(* Let $\mathcal{H}$ be an infinite dimensional complex Hilbert space and let $\phi:\mathcal{B}(\mathcal{H})\to\mathcal{B}(\mathcal{H})$ be a bijective map preserving the Douglas solution in both directions. Then for every $B\in\mathcal{B}(\mathcal{H})$: $\operatorname{ran}B=\mathcal{H}$ if and only if $\operatorname{ran}\phi(B)=\mathcal{H}$.
   Context: $\mathcal{B}(\mathcal{H})$ denotes the algebra of all bounded linear operators on $\mathcal{H}$. For $A,B\in\mathcal{B}(\mathcal{H})$ with $\operatorname{ran}A\subseteq\operatorname{ran}B$, the Douglas solution of $A=BX$ is the unique $D\in\mathcal{B}(\mathcal{H})$ with $BD=A$ and $\operatorname{ran}D\subseteq(\ker B)^\perp$. A map $\phi:\mathcal{B}(\mathcal{H})\to\mathcal{B}(\mathcal{H})$ preserves the Douglas solution in both directions if for all $A,B,X\in\mathcal{B}(\mathcal{H})$: $X$ is the Douglas solution of $A=BX$ if and only if $\phi(X)$ is the Douglas solution of $\phi(A)=\phi(B)Y$. *)

From HB Require Import structures.
From mathcomp Require Import all_boot all_order all_algebra.
From mathcomp Require Import reals.
From mathcomp Require Import complex.
Set Implicit Arguments. Unset Strict Implicit. Unset Printing Implicit Defensive.
Import Order.TTheory GRing.Theory Num.Theory.
Local Open Scope ring_scope.
Local Open Scope complex_scope.

Definition is_inner_product (R : realType) (H : lmodType R[i])
  (ip : H -> H -> R[i]) : Prop :=
  [/\ forall (a : R[i]) (x y z : H), ip (a *: x + y) z = a * ip x z + ip y z,
      forall x y : H, ip y x = (ip x y)^*,
      forall x : H, 0 <= ip x x
    & forall x : H, ip x x = 0 -> x = 0].

Definition nrm2 (R : realType) (H : lmodType R[i]) (ip : H -> H -> R[i])
  (x : H) : R[i] := ip x x.

Definition ip_complete (R : realType) (H : lmodType R[i])
  (ip : H -> H -> R[i]) : Prop :=
  forall u : nat -> H,
    (forall e : R, 0 < e -> exists N : nat, forall m n : nat,
        (N <= m)%N -> (N <= n)%N -> nrm2 ip (u m - u n) < e%:C) ->
    exists l : H, forall e : R, 0 < e -> exists N : nat, forall n : nat,
        (N <= n)%N -> nrm2 ip (u n - l) < e%:C.

Definition is_Hilbert (R : realType) (H : lmodType R[i])
  (ip : H -> H -> R[i]) : Prop :=
  is_inner_product ip /\ ip_complete ip.

Definition infinite_dim (R : realType) (H : lmodType R[i]) : Prop :=
  forall n : nat, exists v : 'I_n -> H,
    forall c : 'I_n -> R[i], \sum_(i < n) c i *: v i = 0 -> forall i, c i = 0.

Definition is_bounded_op (R : realType) (H : lmodType R[i])
  (ip : H -> H -> R[i]) (f : H -> H) : Prop :=
  linear f /\
  exists M : R, forall x : H, nrm2 ip (f x) <= M%:C * nrm2 ip x.

Record bop (R : realType) (H : lmodType R[i]) (ip : H -> H -> R[i]) := Bop {
  bop_fun :> H -> H;
  bop_bounded : is_bounded_op ip bop_fun }.

(* X is the Douglas solution of A = B X :
   B X = A and ran X is contained in (ker B)^perp. *)
Definition douglas_solution (R : realType) (H : lmodType R[i])
  (ip : H -> H -> R[i]) (A B X : bop ip) : Prop :=
  (forall x : H, B (X x) = A x) /\
  (forall x y : H, B y = 0 -> ip (X x) y = 0).

Definition full_range (R : realType) (H : lmodType R[i])
  (ip : H -> H -> R[i]) (T : bop ip) : Prop :=
  forall y : H, exists x : H, T x = y.

From HB Require Import structures.
From mathcomp Require Import all_boot all_order all_algebra.
From mathcomp Require Import boolp classical_sets reals complex.
From mathcomp Require Import ring lra.
Set Implicit Arguments. Unset Strict Implicit. Unset Printing Implicit Defensive.
Import Order.TTheory GRing.Theory Num.Theory.
Local Open Scope ring_scope.
Local Open Scope complex_scope.

(* The identity operator I is a bounded operator, and every A is the Douglas
   solution of A = I X (the condition ran X ⊆ (ker I)^⊥ = H is vacuous).  Applied
   to A = phi^-1 I this gives that phi I acts as the identity.  Next, ran B = H
   holds iff the equation I = B X has a Douglas solution: one direction is
   trivial, and the other is the existence of a bounded right inverse of a
   surjective B with range in (ker B)^⊥.  Since phi preserves Douglas solutions
   in both directions and fixes I, the theorem follows.
   The analytic core is the construction of that right inverse: send y to its
   unique preimage orthogonal to ker B.  It exists by the projection theorem
   (nearest points in the closed subspace ker B, via the parallelogram law) and
   it is bounded by the open mapping theorem, proved through the Baire category
   theorem and the classical successive approximation argument.  All of this is
   developed below from the bare axioms of a complete inner product space. *)

Notation cRe := complex.Re.
Notation cIm := complex.Im.

Lemma dependent_choice (T : Type) (P : nat -> T -> T -> Prop) (x0 : T) :
  (forall k x, exists y, P k x y) ->
  exists u : nat -> T, u 0%N = x0 /\ forall k, P k (u k) (u k.+1).
Proof.
move=> hP; have [f hf] :=
  choice (P := fun (kx : nat * T) y => P kx.1 kx.2 y) (fun kx => hP kx.1 kx.2).
pose u := fix u (k : nat) : T := if k is k'.+1 then f (k', u k') else x0.
by exists u; split=> // k; exact: hf (k, u k).
Qed.

Section RealFacts.
Context {R : realType}.

Definition recip (n : nat) : R := (n.+1%:R)^-1.

Lemma recip_gt0 n : 0 < recip n.
Proof. by rewrite invr_gt0 ltr0Sn. Qed.

Lemma recip_le1 n : recip n <= 1.
Proof. by rewrite invf_le1 ?ltr0Sn // ler1n. Qed.

Lemma recip_le (m n : nat) : (n <= m)%N -> recip m <= recip n.
Proof. by move=> h; rewrite lef_pV2 ?posrE ?ltr0Sn // ler_nat ltnS. Qed.

Lemma recip_small (e : R) : 0 < e -> exists N : nat, recip N < e.
Proof.
move=> e0; exists (Num.bound e^-1).
have ei : 0 < e^-1 by rewrite invr_gt0.
have h : e^-1 < (Num.bound e^-1).+1%:R.
  by apply: lt_trans (archi_boundP (ltW ei)) _; rewrite ltr_nat.
by rewrite /recip -[X in _ < X]invrK ltf_pV2 ?posrE ?ltr0Sn ?invr_gt0.
Qed.

Lemma geometric_small (c e : R) : 0 <= c -> 0 < e -> exists N : nat, c * 2^-1 ^+ N < e.
Proof.
move=> c0 e0; have c1 : 0 < c + 1 by lra.
have [N hN] := recip_small (divr_gt0 e0 c1); exists N.
have hg : (2^-1 : R) ^+ N <= recip N.
  rewrite exprVn -natrX lef_pV2 ?posrE ?ltr0n ?expn_gt0 // ler_nat.
  exact: ltn_expl.
have hg0 : 0 <= (2^-1 : R) ^+ N by rewrite exprn_ge0 // invr_ge0 ler0n.
have : (c + 1) * recip N < e by rewrite mulrC -ltr_pdivlMr.
nra.
Qed.

Lemma quadratic_nonneg (a qw : R) :
  0 < qw -> (forall t : R, 0 <= t ^+ 2 * qw - 2 * t * a) -> a = 0.
Proof.
move=> q0 h; have := h (a / qw).
have -> : (a / qw) ^+ 2 * qw - 2 * (a / qw) * a = - (a ^+ 2 / qw).
  by field; rewrite gt_eqF.
rewrite oppr_ge0 pmulr_lle0 ?invr_gt0 // => h2.
by apply/eqP; rewrite -sqrf_eq0 eq_le h2 sqr_ge0.
Qed.

Lemma excess_small (D e : R) : 0 <= D -> 0 < e ->
  exists N : nat, forall n, (N <= n)%N -> (D + recip n) ^+ 2 - D ^+ 2 < e.
Proof.
move=> D0 e0; have c0 : 0 < 2 * D + 1 by lra.
have [N hN] := recip_small (divr_gt0 e0 c0).
exists N => n hn; have := recip_le hn; have := recip_gt0 n; have := recip_le1 n.
have : recip N * (2 * D + 1) < e by rewrite -ltr_pdivlMr.
nra.
Qed.

Lemma cplx_ge0_real (z : R[i]) : 0 <= z -> z = (cRe z)%:C.
Proof. by rewrite lecE => /andP [/eqP h _]; case: z h => a b /= ->. Qed.

Lemma cplx_eq0 (z : R[i]) : cRe z = 0 -> cIm z = 0 -> z = 0.
Proof. by case: z => a b /= -> ->. Qed.

Lemma Re_realM (r : R) (z : R[i]) : cRe (r%:C * z) = r * cRe z.
Proof. by case: z => a b /=; ring. Qed.

End RealFacts.

Section Hilbert.
Variables (R : realType) (H : lmodType R[i]) (ip : H -> H -> R[i]).
Hypotheses (hip : is_inner_product ip) (hcomp : ip_complete ip).

Lemma ipDZ a x y z : ip (a *: x + y) z = a * ip x z + ip y z.
Proof. by case: hip. Qed.
Lemma ipC x y : ip y x = (ip x y)^*.
Proof. by case: hip. Qed.
Lemma ipxx0 x : ip x x = 0 -> x = 0.
Proof. by case: hip => _ _ _; apply. Qed.

Lemma ip0l z : ip 0 z = 0.
Proof.
have := ipDZ 1 0 0 z; rewrite scale1r addr0 mul1r => h.
by apply/(addrI (ip 0 z)); rewrite addr0 -h.
Qed.
Lemma ipDl x y z : ip (x + y) z = ip x z + ip y z.
Proof. by have := ipDZ 1 x y z; rewrite scale1r mul1r. Qed.
Lemma ipZl a x z : ip (a *: x) z = a * ip x z.
Proof. by have := ipDZ a x 0 z; rewrite !addr0 ip0l addr0. Qed.
Lemma ipNl x z : ip (- x) z = - ip x z.
Proof. by rewrite -scaleN1r ipZl mulN1r. Qed.
Lemma ipBl x y z : ip (x - y) z = ip x z - ip y z.
Proof. by rewrite ipDl ipNl. Qed.
Lemma ip0r z : ip z 0 = 0.
Proof. by rewrite ipC ip0l conjc0. Qed.
Lemma ipDr z x y : ip z (x + y) = ip z x + ip z y.
Proof. by rewrite (ipC (x + y)) (ipC x) (ipC y) ipDl raddfD. Qed.
Lemma ipZr z a x : ip z (a *: x) = a^* * ip z x.
Proof. by rewrite (ipC x) (ipC (a *: x)) ipZl rmorphM. Qed.
Lemma ipNr z x : ip z (- x) = - ip z x.
Proof. by rewrite (ipC x) (ipC (- x)) ipNl raddfN. Qed.

Definition q x := cRe (ip x x).

Lemma ipxx x : ip x x = (q x)%:C.
Proof. by apply: cplx_ge0_real; case: hip. Qed.
Lemma q_ge0 x : 0 <= q x.
Proof. by case: hip => _ _ /(_ x); rewrite lecE => /andP[]. Qed.
Lemma q_eq0 x : q x = 0 -> x = 0.
Proof. by move=> h; apply: ipxx0; rewrite ipxx h. Qed.
Lemma q0 : q 0 = 0.
Proof. by rewrite /q ip0l. Qed.

Lemma ReipZr (r : R) x y : cRe (ip x (r%:C *: y)) = r * cRe (ip x y).
Proof. by rewrite ipZr; case: (ip x y) => a b /=; ring. Qed.
Lemma Reipi x y : cRe (ip x ('i *: y)) = cIm (ip x y).
Proof. by rewrite ipZr; case: (ip x y) => a b /=; ring. Qed.

Lemma qD x y : q (x + y) = q x + q y + 2 * cRe (ip x y).
Proof.
rewrite /q ipDl !ipDr (ipC x y); case: (ip x x) (ip x y) (ip y y) => [a b] [c d] [e f] /=.
ring.
Qed.
Lemma qN x : q (- x) = q x.
Proof. by rewrite /q ipNl ipNr opprK. Qed.
Lemma qZ (r : R) x : q (r%:C *: x) = r ^+ 2 * q x.
Proof. by rewrite /q ipZl Re_realM ReipZr mulrA expr2. Qed.
Lemma qB x y : q (x - y) = q x + q y - 2 * cRe (ip x y).
Proof. by rewrite qD qN ipNr; case: (ip x y) => a b /=; ring. Qed.

Lemma q_orth x y : ip x y = 0 -> q (x + y) = q x + q y.
Proof. by move=> h; rewrite qD h /=; ring. Qed.

Lemma parallelogram x y : q (x - y) + q (x + y) = 2 * q x + 2 * q y.
Proof. by rewrite qB qD; ring. Qed.

Lemma cauchy_schwarz x y : cRe (ip x y) ^+ 2 <= q x * q y.
Proof.
have [->|yn0] := eqVneq y 0; first by rewrite ip0r q0 /= mulr0 expr0n.
have qy : 0 < q y by rewrite lt_def q_ge0 andbT; apply/eqP => /q_eq0; apply/eqP.
set a := cRe (ip x y).
have h := q_ge0 (x + (- a / q y)%:C *: y).
rewrite qD qZ ReipZr -/a in h.
have e : q y * (q x + (- a / q y) ^+ 2 * q y + 2 * ((- a / q y) * a))
         = q y * q x - a ^+ 2 by field; rewrite gt_eqF.
have := mulr_ge0 (ltW qy) h; rewrite e; lra.
Qed.

Definition nm x := Num.sqrt (q x).

Lemma nm_ge0 x : 0 <= nm x. Proof. exact: sqrtr_ge0. Qed.
Lemma nm_sq x : nm x ^+ 2 = q x. Proof. exact: sqr_sqrtr (q_ge0 x). Qed.
Lemma nm0 : nm 0 = 0. Proof. by rewrite /nm q0 sqrtr0. Qed.
Lemma nm_eq0 x : nm x = 0 -> x = 0.
Proof. by move=> h; apply: q_eq0; rewrite -nm_sq h expr0n. Qed.
Lemma nm_gt0 x : x != 0 -> 0 < nm x.
Proof.
by move=> x0; rewrite lt_def nm_ge0 andbT; apply/eqP => /nm_eq0 h; rewrite h eqxx in x0.
Qed.
Lemma nmN x : nm (- x) = nm x. Proof. by rewrite /nm qN. Qed.
Lemma nmB x y : nm (x - y) = nm (y - x). Proof. by rewrite -nmN opprB. Qed.
Lemma nmZ (r : R) x : nm (r%:C *: x) = `|r| * nm x.
Proof. by rewrite /nm qZ sqrtrM ?sqr_ge0 // sqrtr_sqr. Qed.
Lemma nm_le x y : (nm x <= nm y) = (q x <= q y).
Proof. by rewrite /nm ler_sqrt ?q_ge0. Qed.
Lemma nm_lt_sq x e : 0 < e -> (nm x < e) = (q x < e ^+ 2).
Proof.
by move=> e0; have := ltr_sqrt (q x) (exprn_gt0 2 e0); rewrite sqrtr_sqr gtr0_norm.
Qed.
Lemma q_le_sq x (d : R) : nm x <= d -> q x <= d ^+ 2.
Proof. by rewrite -nm_sq => h; have := nm_ge0 x; nra. Qed.
Lemma sq_le_q x (d : R) : 0 <= d -> d <= nm x -> d ^+ 2 <= q x.
Proof. by rewrite -nm_sq; nra. Qed.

—————

Prompt
Every line from the line containing "by apply/eqP; rewrite" through the line containing "move=> D0 e0; have c0 : 0 < 2 * D + 1 by lra." in the records above must be retyped exactly. Leave out the rest.

Written answer
by apply/eqP; rewrite -sqrf_eq0 eq_le h2 sqr_ge0.
Qed.

Lemma excess_small (D e : R) : 0 <= D -> 0 < e ->
  exists N : nat, forall n, (N <= n)%N -> (D + recip n) ^+ 2 - D ^+ 2 < e.
Proof.
move=> D0 e0; have c0 : 0 < 2 * D + 1 by lra.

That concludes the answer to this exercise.